WHAT YOU SHOULD DO
Output the records in full, exactly as given.

DATA SUPPLIED
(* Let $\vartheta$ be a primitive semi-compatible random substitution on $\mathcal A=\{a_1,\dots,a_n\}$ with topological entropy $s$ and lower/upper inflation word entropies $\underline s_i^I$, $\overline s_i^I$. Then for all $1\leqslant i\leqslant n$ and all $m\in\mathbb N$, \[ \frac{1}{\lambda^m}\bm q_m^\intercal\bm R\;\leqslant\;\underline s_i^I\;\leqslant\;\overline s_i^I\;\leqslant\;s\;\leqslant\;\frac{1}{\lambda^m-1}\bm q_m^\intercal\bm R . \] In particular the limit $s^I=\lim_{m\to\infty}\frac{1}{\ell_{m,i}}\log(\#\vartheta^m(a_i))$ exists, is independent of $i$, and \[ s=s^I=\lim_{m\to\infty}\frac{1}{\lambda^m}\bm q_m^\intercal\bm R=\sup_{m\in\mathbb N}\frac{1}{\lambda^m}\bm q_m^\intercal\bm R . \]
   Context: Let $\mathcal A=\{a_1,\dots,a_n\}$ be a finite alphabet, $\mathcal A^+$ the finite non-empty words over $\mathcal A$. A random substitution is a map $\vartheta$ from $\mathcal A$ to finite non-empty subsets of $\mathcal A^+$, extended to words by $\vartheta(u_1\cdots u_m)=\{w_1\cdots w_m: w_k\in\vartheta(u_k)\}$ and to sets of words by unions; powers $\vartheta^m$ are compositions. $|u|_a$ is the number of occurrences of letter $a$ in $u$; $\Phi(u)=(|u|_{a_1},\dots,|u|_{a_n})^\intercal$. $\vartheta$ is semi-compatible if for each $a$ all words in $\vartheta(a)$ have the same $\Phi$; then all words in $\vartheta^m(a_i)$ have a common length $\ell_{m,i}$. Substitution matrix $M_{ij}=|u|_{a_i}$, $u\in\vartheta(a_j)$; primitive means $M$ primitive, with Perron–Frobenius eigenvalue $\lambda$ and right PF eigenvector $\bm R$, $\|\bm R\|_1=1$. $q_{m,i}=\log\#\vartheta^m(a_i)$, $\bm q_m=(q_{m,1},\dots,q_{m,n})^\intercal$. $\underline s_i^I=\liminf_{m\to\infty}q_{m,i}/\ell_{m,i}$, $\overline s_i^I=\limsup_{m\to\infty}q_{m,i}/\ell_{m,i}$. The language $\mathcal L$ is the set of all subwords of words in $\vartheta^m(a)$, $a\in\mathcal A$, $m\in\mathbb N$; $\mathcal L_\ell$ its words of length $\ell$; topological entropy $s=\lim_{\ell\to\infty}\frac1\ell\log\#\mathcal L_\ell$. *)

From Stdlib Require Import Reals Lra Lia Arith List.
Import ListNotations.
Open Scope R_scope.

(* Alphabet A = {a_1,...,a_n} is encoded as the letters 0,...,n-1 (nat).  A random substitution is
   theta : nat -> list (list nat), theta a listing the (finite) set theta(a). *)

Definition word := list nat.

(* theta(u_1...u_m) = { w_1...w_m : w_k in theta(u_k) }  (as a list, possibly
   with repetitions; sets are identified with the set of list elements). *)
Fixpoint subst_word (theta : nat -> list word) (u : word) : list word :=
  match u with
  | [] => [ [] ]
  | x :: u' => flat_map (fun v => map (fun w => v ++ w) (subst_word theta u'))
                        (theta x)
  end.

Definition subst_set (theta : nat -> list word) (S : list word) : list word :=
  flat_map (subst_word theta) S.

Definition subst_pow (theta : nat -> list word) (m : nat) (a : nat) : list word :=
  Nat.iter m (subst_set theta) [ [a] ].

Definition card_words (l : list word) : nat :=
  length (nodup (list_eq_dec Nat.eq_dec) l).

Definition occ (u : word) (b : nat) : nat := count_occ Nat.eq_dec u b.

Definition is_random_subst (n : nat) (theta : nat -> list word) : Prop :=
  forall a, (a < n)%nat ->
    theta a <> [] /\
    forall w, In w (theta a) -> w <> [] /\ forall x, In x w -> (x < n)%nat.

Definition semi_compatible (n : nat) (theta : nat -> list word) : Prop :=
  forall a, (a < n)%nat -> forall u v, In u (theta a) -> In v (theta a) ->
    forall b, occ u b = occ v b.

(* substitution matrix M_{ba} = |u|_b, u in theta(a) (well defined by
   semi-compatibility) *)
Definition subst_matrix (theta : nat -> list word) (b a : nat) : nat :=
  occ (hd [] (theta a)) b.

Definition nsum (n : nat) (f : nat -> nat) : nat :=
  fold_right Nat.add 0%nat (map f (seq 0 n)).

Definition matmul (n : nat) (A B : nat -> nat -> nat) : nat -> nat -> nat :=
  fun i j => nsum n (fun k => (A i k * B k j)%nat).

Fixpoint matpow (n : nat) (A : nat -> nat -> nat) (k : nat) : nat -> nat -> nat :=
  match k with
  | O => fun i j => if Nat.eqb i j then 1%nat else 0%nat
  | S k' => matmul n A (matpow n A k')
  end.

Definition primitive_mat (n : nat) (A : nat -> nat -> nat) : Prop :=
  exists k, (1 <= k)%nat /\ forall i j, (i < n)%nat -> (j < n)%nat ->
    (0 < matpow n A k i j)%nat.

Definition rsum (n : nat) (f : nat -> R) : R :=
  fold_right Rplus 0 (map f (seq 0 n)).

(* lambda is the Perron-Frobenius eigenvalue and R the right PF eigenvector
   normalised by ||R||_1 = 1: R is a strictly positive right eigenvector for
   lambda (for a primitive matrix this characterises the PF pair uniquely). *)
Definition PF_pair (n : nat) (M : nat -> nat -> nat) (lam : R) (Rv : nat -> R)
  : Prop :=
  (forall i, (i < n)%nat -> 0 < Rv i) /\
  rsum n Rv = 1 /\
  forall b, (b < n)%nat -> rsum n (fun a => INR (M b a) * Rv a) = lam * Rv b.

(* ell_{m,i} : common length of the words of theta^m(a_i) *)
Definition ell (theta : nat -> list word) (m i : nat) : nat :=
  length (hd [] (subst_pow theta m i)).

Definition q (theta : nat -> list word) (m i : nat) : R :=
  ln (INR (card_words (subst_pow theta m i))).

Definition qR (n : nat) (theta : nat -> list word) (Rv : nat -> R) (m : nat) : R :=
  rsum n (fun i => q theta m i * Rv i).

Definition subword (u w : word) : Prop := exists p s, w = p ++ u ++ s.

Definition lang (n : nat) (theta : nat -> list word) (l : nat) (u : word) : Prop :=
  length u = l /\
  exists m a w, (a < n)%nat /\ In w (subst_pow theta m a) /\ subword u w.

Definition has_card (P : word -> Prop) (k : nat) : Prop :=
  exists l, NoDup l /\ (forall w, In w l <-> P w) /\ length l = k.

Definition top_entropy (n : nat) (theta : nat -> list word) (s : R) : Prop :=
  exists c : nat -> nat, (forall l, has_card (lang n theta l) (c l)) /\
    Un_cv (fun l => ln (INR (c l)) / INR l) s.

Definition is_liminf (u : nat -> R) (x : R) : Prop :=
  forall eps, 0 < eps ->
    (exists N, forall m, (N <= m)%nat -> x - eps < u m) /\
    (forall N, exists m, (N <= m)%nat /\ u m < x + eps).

RESULT
(* Let $\vartheta$ be a primitive semi-compatible random substitution on $\mathcal A=\{a_1,\dots,a_n\}$ with topological entropy $s$ and lower/upper inflation word entropies $\underline s_i^I$, $\overline s_i^I$. Then for all $1\leqslant i\leqslant n$ and all $m\in\mathbb N$, \[ \frac{1}{\lambda^m}\bm q_m^\intercal\bm R\;\leqslant\;\underline s_i^I\;\leqslant\;\overline s_i^I\;\leqslant\;s\;\leqslant\;\frac{1}{\lambda^m-1}\bm q_m^\intercal\bm R . \] In particular the limit $s^I=\lim_{m\to\infty}\frac{1}{\ell_{m,i}}\log(\#\vartheta^m(a_i))$ exists, is independent of $i$, and \[ s=s^I=\lim_{m\to\infty}\frac{1}{\lambda^m}\bm q_m^\intercal\bm R=\sup_{m\in\mathbb N}\frac{1}{\lambda^m}\bm q_m^\intercal\bm R . \]
   Context: Let $\mathcal A=\{a_1,\dots,a_n\}$ be a finite alphabet, $\mathcal A^+$ the finite non-empty words over $\mathcal A$. A random substitution is a map $\vartheta$ from $\mathcal A$ to finite non-empty subsets of $\mathcal A^+$, extended to words by $\vartheta(u_1\cdots u_m)=\{w_1\cdots w_m: w_k\in\vartheta(u_k)\}$ and to sets of words by unions; powers $\vartheta^m$ are compositions. $|u|_a$ is the number of occurrences of letter $a$ in $u$; $\Phi(u)=(|u|_{a_1},\dots,|u|_{a_n})^\intercal$. $\vartheta$ is semi-compatible if for each $a$ all words in $\vartheta(a)$ have the same $\Phi$; then all words in $\vartheta^m(a_i)$ have a common length $\ell_{m,i}$. Substitution matrix $M_{ij}=|u|_{a_i}$, $u\in\vartheta(a_j)$; primitive means $M$ primitive, with Perron–Frobenius eigenvalue $\lambda$ and right PF eigenvector $\bm R$, $\|\bm R\|_1=1$. $q_{m,i}=\log\#\vartheta^m(a_i)$, $\bm q_m=(q_{m,1},\dots,q_{m,n})^\intercal$. $\underline s_i^I=\liminf_{m\to\infty}q_{m,i}/\ell_{m,i}$, $\overline s_i^I=\limsup_{m\to\infty}q_{m,i}/\ell_{m,i}$. The language $\mathcal L$ is the set of all subwords of words in $\vartheta^m(a)$, $a\in\mathcal A$, $m\in\mathbb N$; $\mathcal L_\ell$ its words of length $\ell$; topological entropy $s=\lim_{\ell\to\infty}\frac1\ell\log\#\mathcal L_\ell$. *)

From Stdlib Require Import Reals Lra Lia Arith List.
Import ListNotations.
Open Scope R_scope.

(* Alphabet A = {a_1,...,a_n} is encoded as the letters 0,...,n-1 (nat).  A random substitution is
   theta : nat -> list (list nat), theta a listing the (finite) set theta(a). *)

Definition word := list nat.

(* theta(u_1...u_m) = { w_1...w_m : w_k in theta(u_k) }  (as a list, possibly
   with repetitions; sets are identified with the set of list elements). *)
Fixpoint subst_word (theta : nat -> list word) (u : word) : list word :=
  match u with
  | [] => [ [] ]
  | x :: u' => flat_map (fun v => map (fun w => v ++ w) (subst_word theta u'))
                        (theta x)
  end.

Definition subst_set (theta : nat -> list word) (S : list word) : list word :=
  flat_map (subst_word theta) S.

Definition subst_pow (theta : nat -> list word) (m : nat) (a : nat) : list word :=
  Nat.iter m (subst_set theta) [ [a] ].

Definition card_words (l : list word) : nat :=
  length (nodup (list_eq_dec Nat.eq_dec) l).

Definition occ (u : word) (b : nat) : nat := count_occ Nat.eq_dec u b.

Definition is_random_subst (n : nat) (theta : nat -> list word) : Prop :=
  forall a, (a < n)%nat ->
    theta a <> [] /\
    forall w, In w (theta a) -> w <> [] /\ forall x, In x w -> (x < n)%nat.

Definition semi_compatible (n : nat) (theta : nat -> list word) : Prop :=
  forall a, (a < n)%nat -> forall u v, In u (theta a) -> In v (theta a) ->
    forall b, occ u b = occ v b.

(* substitution matrix M_{ba} = |u|_b, u in theta(a) (well defined by
   semi-compatibility) *)
Definition subst_matrix (theta : nat -> list word) (b a : nat) : nat :=
  occ (hd [] (theta a)) b.

Definition nsum (n : nat) (f : nat -> nat) : nat :=
  fold_right Nat.add 0%nat (map f (seq 0 n)).

Definition matmul (n : nat) (A B : nat -> nat -> nat) : nat -> nat -> nat :=
  fun i j => nsum n (fun k => (A i k * B k j)%nat).

Fixpoint matpow (n : nat) (A : nat -> nat -> nat) (k : nat) : nat -> nat -> nat :=
  match k with
  | O => fun i j => if Nat.eqb i j then 1%nat else 0%nat
  | S k' => matmul n A (matpow n A k')
  end.

Definition primitive_mat (n : nat) (A : nat -> nat -> nat) : Prop :=
  exists k, (1 <= k)%nat /\ forall i j, (i < n)%nat -> (j < n)%nat ->
    (0 < matpow n A k i j)%nat.

Definition rsum (n : nat) (f : nat -> R) : R :=
  fold_right Rplus 0 (map f (seq 0 n)).

(* lambda is the Perron-Frobenius eigenvalue and R the right PF eigenvector
   normalised by ||R||_1 = 1: R is a strictly positive right eigenvector for
   lambda (for a primitive matrix this characterises the PF pair uniquely). *)
Definition PF_pair (n : nat) (M : nat -> nat -> nat) (lam : R) (Rv : nat -> R)
  : Prop :=
  (forall i, (i < n)%nat -> 0 < Rv i) /\
  rsum n Rv = 1 /\
  forall b, (b < n)%nat -> rsum n (fun a => INR (M b a) * Rv a) = lam * Rv b.

(* ell_{m,i} : common length of the words of theta^m(a_i) *)
Definition ell (theta : nat -> list word) (m i : nat) : nat :=
  length (hd [] (subst_pow theta m i)).

Definition q (theta : nat -> list word) (m i : nat) : R :=
  ln (INR (card_words (subst_pow theta m i))).

Definition qR (n : nat) (theta : nat -> list word) (Rv : nat -> R) (m : nat) : R :=
  rsum n (fun i => q theta m i * Rv i).

Definition subword (u w : word) : Prop := exists p s, w = p ++ u ++ s.

Definition lang (n : nat) (theta : nat -> list word) (l : nat) (u : word) : Prop :=
  length u = l /\
  exists m a w, (a < n)%nat /\ In w (subst_pow theta m a) /\ subword u w.

Definition has_card (P : word -> Prop) (k : nat) : Prop :=
  exists l, NoDup l /\ (forall w, In w l <-> P w) /\ length l = k.

Definition top_entropy (n : nat) (theta : nat -> list word) (s : R) : Prop :=
  exists c : nat -> nat, (forall l, has_card (lang n theta l) (c l)) /\
    Un_cv (fun l => ln (INR (c l)) / INR l) s.

Definition is_liminf (u : nat -> R) (x : R) : Prop :=
  forall eps, 0 < eps ->
    (exists N, forall m, (N <= m)%nat -> x - eps < u m) /\
    (forall N, exists m, (N <= m)%nat /\ u m < x + eps).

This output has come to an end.